■ **EXCERPTED RECORDS**:
(* Let $\mathfrak g$ be a finite-dimensional nilpotent Lie algebra over a field $k$ of characteristic zero. If $\mathfrak g$ admits an LR-structure, then $\mathfrak g$ also admits a complete LR-structure.
   Context: An LR-algebra is a vector space $A$ with a bilinear product $\cdot$ satisfying $x\cdot(y\cdot z)=y\cdot(x\cdot z)$ and $(x\cdot y)\cdot z=(x\cdot z)\cdot y$ for all $x,y,z\in A$. An LR-structure on a Lie algebra $\mathfrak g$ is an LR-algebra product $\cdot$ on the underlying vector space of $\mathfrak g$ such that $x\cdot y-y\cdot x=[x,y]$ for all $x,y$. With $R(x)y=y\cdot x$, an LR-structure is called complete if $R(x)$ is nilpotent for every $x$. *)

From HB Require Import structures.
From mathcomp Require Import all_boot all_order all_algebra.
Set Implicit Arguments. Unset Strict Implicit. Unset Printing Implicit Defensive.
Import GRing.Theory.
Local Open Scope ring_scope.

Definition bilinear_op (k : fieldType) (V : vectType k) (f : V -> V -> V) : Prop :=
  (forall (a : k) (x y z : V), f (a *: x + y) z = a *: f x z + f y z) /\
  (forall (a : k) (x y z : V), f x (a *: y + z) = a *: f x y + f x z).

Definition is_lie_bracket (k : fieldType) (V : vectType k) (br : V -> V -> V) : Prop :=
  [/\ bilinear_op br,
      (forall x : V, br x x = 0) &
      (forall x y z : V, br x (br y z) + br y (br z x) + br z (br x y) = 0)].

(* Lower central series: lcs br 0 = g, lcs br (i+1) = [g, lcs br i]
   (the linear span of the brackets [x, y] with y in lcs br i). *)
Inductive lcs (k : fieldType) (V : vectType k) (br : V -> V -> V) : nat -> V -> Prop :=
  | lcs_all : forall x, lcs br 0 x
  | lcs_br : forall i x y, lcs br i y -> lcs br i.+1 (br x y)
  | lcs_0 : forall i, lcs br i.+1 0
  | lcs_add : forall i u v, lcs br i.+1 u -> lcs br i.+1 v -> lcs br i.+1 (u + v)
  | lcs_scale : forall i (a : k) u, lcs br i.+1 u -> lcs br i.+1 (a *: u).

Definition lie_nilpotent (k : fieldType) (V : vectType k) (br : V -> V -> V) : Prop :=
  exists m : nat, forall x : V, lcs br m x -> x = 0.

Definition is_LR_algebra (k : fieldType) (V : vectType k) (p : V -> V -> V) : Prop :=
  [/\ bilinear_op p,
      (forall x y z : V, p x (p y z) = p y (p x z)) &
      (forall x y z : V, p (p x y) z = p (p x z) y)].

Definition is_LR_structure (k : fieldType) (V : vectType k)
    (br : V -> V -> V) (p : V -> V -> V) : Prop :=
  is_LR_algebra p /\ (forall x y : V, p x y - p y x = br x y).

Definition Rmul (k : fieldType) (V : vectType k) (p : V -> V -> V) (x : V) : V -> V :=
  fun y => p y x.

Definition LR_complete (k : fieldType) (V : vectType k) (p : V -> V -> V) : Prop :=
  forall x : V, exists n : nat, forall y : V, iter n (Rmul p x) y = 0.

From HB Require Import structures.
From mathcomp Require Import all_boot all_order all_algebra.
Import GRing.Theory.
Local Open Scope ring_scope.
Set Implicit Arguments. Unset Strict Implicit. Unset Printing Implicit Defensive.

(* The proof modifies a given LR-product [p] one basis vector at a time.  For
   c in V let t = R(c) and let V = V0 (+) V1 be the Fitting decomposition of t
   (V0 = ker t^N, V1 = im t^N, N > dim V), with projection pr0 onto V0.  The
   modified product  x o y = x . pr0(y)  is again an LR-product with the same
   commutator, hence the same Lie bracket.  Its right multiplications R'(y)
   act on V0 like R(y) and on V1 like -ad(pr0 y), which is nilpotent because
   the Lie algebra is.  Hence R'(c) is nilpotent, and R'(y) stays nilpotent
   whenever R(y) was.  Running through a basis yields a product for which all
   basis vectors have nilpotent right multiplication; since the R(x) commute
   and depend linearly on x, every R(x) is then nilpotent. *)

Section Fitting.
Variables (k : fieldType) (V : vectType k) (t : 'End(V)).

(* The m-th power of t, as a linear map so that its kernel and image exist. *)
Definition lfun_pow (m : nat) : 'End(V) := iter m (comp_lfun t) \1%VF.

■ **EXERCISE GOAL**:
What you write must be the entries restated word for word, from the opening line through the one holding "Definition is_LR_algebra (k", with nothing else.

■ **ANSWER BELOW**:
(* Let $\mathfrak g$ be a finite-dimensional nilpotent Lie algebra over a field $k$ of characteristic zero. If $\mathfrak g$ admits an LR-structure, then $\mathfrak g$ also admits a complete LR-structure.
   Context: An LR-algebra is a vector space $A$ with a bilinear product $\cdot$ satisfying $x\cdot(y\cdot z)=y\cdot(x\cdot z)$ and $(x\cdot y)\cdot z=(x\cdot z)\cdot y$ for all $x,y,z\in A$. An LR-structure on a Lie algebra $\mathfrak g$ is an LR-algebra product $\cdot$ on the underlying vector space of $\mathfrak g$ such that $x\cdot y-y\cdot x=[x,y]$ for all $x,y$. With $R(x)y=y\cdot x$, an LR-structure is called complete if $R(x)$ is nilpotent for every $x$. *)

From HB Require Import structures.
From mathcomp Require Import all_boot all_order all_algebra.
Set Implicit Arguments. Unset Strict Implicit. Unset Printing Implicit Defensive.
Import GRing.Theory.
Local Open Scope ring_scope.

Definition bilinear_op (k : fieldType) (V : vectType k) (f : V -> V -> V) : Prop :=
  (forall (a : k) (x y z : V), f (a *: x + y) z = a *: f x z + f y z) /\
  (forall (a : k) (x y z : V), f x (a *: y + z) = a *: f x y + f x z).

Definition is_lie_bracket (k : fieldType) (V : vectType k) (br : V -> V -> V) : Prop :=
  [/\ bilinear_op br,
      (forall x : V, br x x = 0) &
      (forall x y z : V, br x (br y z) + br y (br z x) + br z (br x y) = 0)].

(* Lower central series: lcs br 0 = g, lcs br (i+1) = [g, lcs br i]
   (the linear span of the brackets [x, y] with y in lcs br i). *)
Inductive lcs (k : fieldType) (V : vectType k) (br : V -> V -> V) : nat -> V -> Prop :=
  | lcs_all : forall x, lcs br 0 x
  | lcs_br : forall i x y, lcs br i y -> lcs br i.+1 (br x y)
  | lcs_0 : forall i, lcs br i.+1 0
  | lcs_add : forall i u v, lcs br i.+1 u -> lcs br i.+1 v -> lcs br i.+1 (u + v)
  | lcs_scale : forall i (a : k) u, lcs br i.+1 u -> lcs br i.+1 (a *: u).

Definition lie_nilpotent (k : fieldType) (V : vectType k) (br : V -> V -> V) : Prop :=
  exists m : nat, forall x : V, lcs br m x -> x = 0.

Definition is_LR_algebra (k : fieldType) (V : vectType k) (p : V -> V -> V) : Prop :=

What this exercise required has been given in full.